Anatomical Therapeutic Chemical Classification System
Cholic acid is the predominant primary bile acid in man. In patients with inborn deficiency of 3β-Hydroxy-Δ5−C27-steroid oxidoreductase and Δ4-3-Oxosteroid-5β-reductase, the biosynthesis of primary bile acids is reduced or absent.
The rational basis for treatment consists of restoration of the bile aciddependent component of bile flow enabling restoration of biliary secretion and biliary elimination of toxic metabolites; inhibition of the production of the toxic bile acid metabolites by negative feedback on cholesterol 7α-hydroxylase, which is the rate-limiting enzyme in bile acid synthesis; and improvement of the patient’s nutritional status by correcting intestinal malabsorption of fats and fat-soluble vitamins.

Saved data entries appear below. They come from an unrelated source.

(* Let $G=(V,E)$ be an undirected graph (possibly with non-negative edge weights) such that the set $\mathcal{D}=\{(u,v)\in V\times V: u\ne v\}$ can be partitioned into a class $A=\{(u^*,v^* )\}$ consisting of a single pair of distinct nodes with $\sigma_{u^*v^*}\le 2$, and a class $B=\mathcal{D}\setminus A$ of pairs $(u,v)$ with $\sigma_{uv}\le1$. Then the pseudodimension of the family $\{f_w:\mathcal{D}\to[0,1],\ w\in V\}$ is at most $3$.
   Context: $\sigma_{uv}$ is the number of shortest paths from $u$ to $v$; $\sigma_{uv}(w)$ is the number of those to which $w$ is internal ($w\ne u$, $w\ne v$, and the path goes through $w$). $f_w(u,v)=\sigma_{uv}(w)/\sigma_{uv}$, taken to be $0$ if $\sigma_{uv}=0$. Pseudodimension: for a family $\mathcal{F}$ of functions from a domain $D$ to $[0,1]$, let $R_f=\{(x,t)\in D\times[0,1]: t\le f(x)\}$ and $\mathcal{F}^+=\{R_f: f\in\mathcal{F}\}$. A set $A\subseteq D\times[0,1]$ is shattered by $\mathcal{F}^+$ if $\{R\cap A: R\in\mathcal{F}^+\}=2^A$. The pseudodimension of $\mathcal{F}$ is the largest size of a subset of $D\times[0,1]$ shattered by $\mathcal{F}^+$ (the VC-dimension of $\mathcal{F}^+$). *)

From mathcomp Require Import all_boot all_order all_algebra.
Set Implicit Arguments. Unset Strict Implicit. Unset Printing Implicit Defensive.
Import Order.TTheory GRing.Theory Num.Theory.
Local Open Scope ring_scope.

Section Paths.
Variables (R : realFieldType) (V : finType) (e : rel V) (wt : V -> V -> R).

Definition is_upath (u v : V) (s : seq V) : bool :=
  match s with
  | [::] => false
  | x :: p => [&& x == u, last x p == v, path e x p & uniq s]
  end.

Definition pweight (s : seq V) : R :=
  match s with
  | [::] => 0
  | x :: p => \sum_(ab <- zip (x :: p) p) wt ab.1 ab.2
  end.

(* s is a shortest u-v path: a simple u-v path of weight <= every simple
   u-v path (simple paths have at most #|V| vertices) *)
Definition is_shortest (u v : V) (s : seq V) : bool :=
  is_upath u v s &&
  [forall n : 'I_#|V|.+1, forall t : n.-tuple V,
     is_upath u v t ==> (pweight s <= pweight t)].

Definition sigma (u v : V) : nat :=
  \sum_(n < #|V|.+1) #|[pred t : n.-tuple V | is_shortest u v t]|.

Definition sigma_via (u v w : V) : nat :=
  \sum_(n < #|V|.+1)
    #|[pred t : n.-tuple V | [&& is_shortest u v t, w \in (t : seq V),
                                 w != u & w != v]]|.

Definition fbc (w : V) (uv : V * V) : R :=
  if sigma uv.1 uv.2 == 0%N then 0
  else (sigma_via uv.1 uv.2 w)%:R / (sigma uv.1 uv.2)%:R.

Definition shattered (A : seq ((V * V) * R)) : Prop :=
  uniq A /\
  (forall a, a \in A -> a.1.1 != a.1.2 /\ 0 <= a.2 <= 1) /\
  (forall S : seq ((V * V) * R), {subset S <= A} ->
     exists w : V, forall a, a \in A -> (a \in S) = (a.2 <= fbc w a.1)).

Definition pdim_le (d : nat) : Prop :=
  forall A, shattered A -> (size A <= d)%N.

End Paths.

From mathcomp Require Import all_boot all_order all_algebra.
Set Implicit Arguments. Unset Strict Implicit. Unset Printing Implicit Defensive.
Import Order.TTheory GRing.Theory Num.Theory.
Local Open Scope ring_scope.

(* Under the hypotheses every pair of distinct nodes is joined by a unique shortest path
   P_uv, so f_w(u,v) is 1 if w is internal to P_uv and 0 otherwise; a shattered set thus
   has positive thresholds and is shattered by the sets {(u,v) | w internal to P_uv}.
   Subpaths of shortest paths are shortest, so if x and z are internal to P_uv, so is
   every node of P_xz. Now suppose pairs p_0, ..., p_3 were shattered: some w is internal
   to all four paths and, for each k, some x_k is internal to all of them except P_{p_k}.
   Two of x_1, x_2, x_3 lie on the same side of w along P_{p_0}, say in the order
   w, x_k, x_l. Then x_k lies on P_{w x_l}, and w and x_l are internal to P_{p_k}, so
   x_k is internal to P_{p_k}: a contradiction. *)

Section WalkWeight.
Variables (R : numDomainType) (T : Type) (wt : T -> T -> R).

Fixpoint walk_weight (s : seq T) : R :=
  if s is x :: ((y :: _) as t) then wt x y + walk_weight t else 0.

Lemma walk_weight_cons2 x y s : walk_weight [:: x, y & s] = wt x y + walk_weight (y :: s).
Proof. by []. Qed.

Lemma walk_weight_cat x s t :
  walk_weight (x :: s ++ t) = walk_weight (x :: s) + walk_weight (last x s :: t).
Proof.
elim: s x => [|y s IH] x; first by rewrite add0r.
by rewrite cat_cons !walk_weight_cons2 IH addrA.
Qed.

Lemma walk_weight_cat_rcons s y t :
  walk_weight (s ++ y :: t) = walk_weight (rcons s y) + walk_weight (y :: t).
Proof.
case: s => [|x s]; first by rewrite add0r.
by rewrite -cat_rcons rcons_cons walk_weight_cat last_rcons.
Qed.

Lemma walk_weight_ge0 : (forall x y, 0 <= wt x y) -> forall s, 0 <= walk_weight s.
Proof. by move=> wt_ge0; elim=> [|x [|y s] IH] //=; rewrite addr_ge0. Qed.

Lemma walk_weight_rev : (forall x y, wt x y = wt y x) ->
  forall s, walk_weight (rev s) = walk_weight s.
Proof.
move=> wt_sym; elim=> [|x [|y s] IH] //.
rewrite rev_cons rev_cons -!cats1 -catA walk_weight_cat_rcons -rev_cons IH.
by rewrite walk_weight_cons2 /= addr0 wt_sym addrC.
Qed.

End WalkWeight.

Arguments walk_weight {R T} wt s : simpl never.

Obeticholic acid is a selective and potent agonist for the farnesoid X receptor (FXR), a nuclear receptor expressed at high levels in the liver and intestine. FXR activation decreases the intracellular hepatocyte concentrations of bile acids by suppressing de novo synthesis from cholesterol, as well as, by increasing transport of bile acids out of the hepatocytes.
The ursodeoxycholic acid converts lithogenic bile in non-lithogenic bile and gradually dissolves the cholesterol gallstones.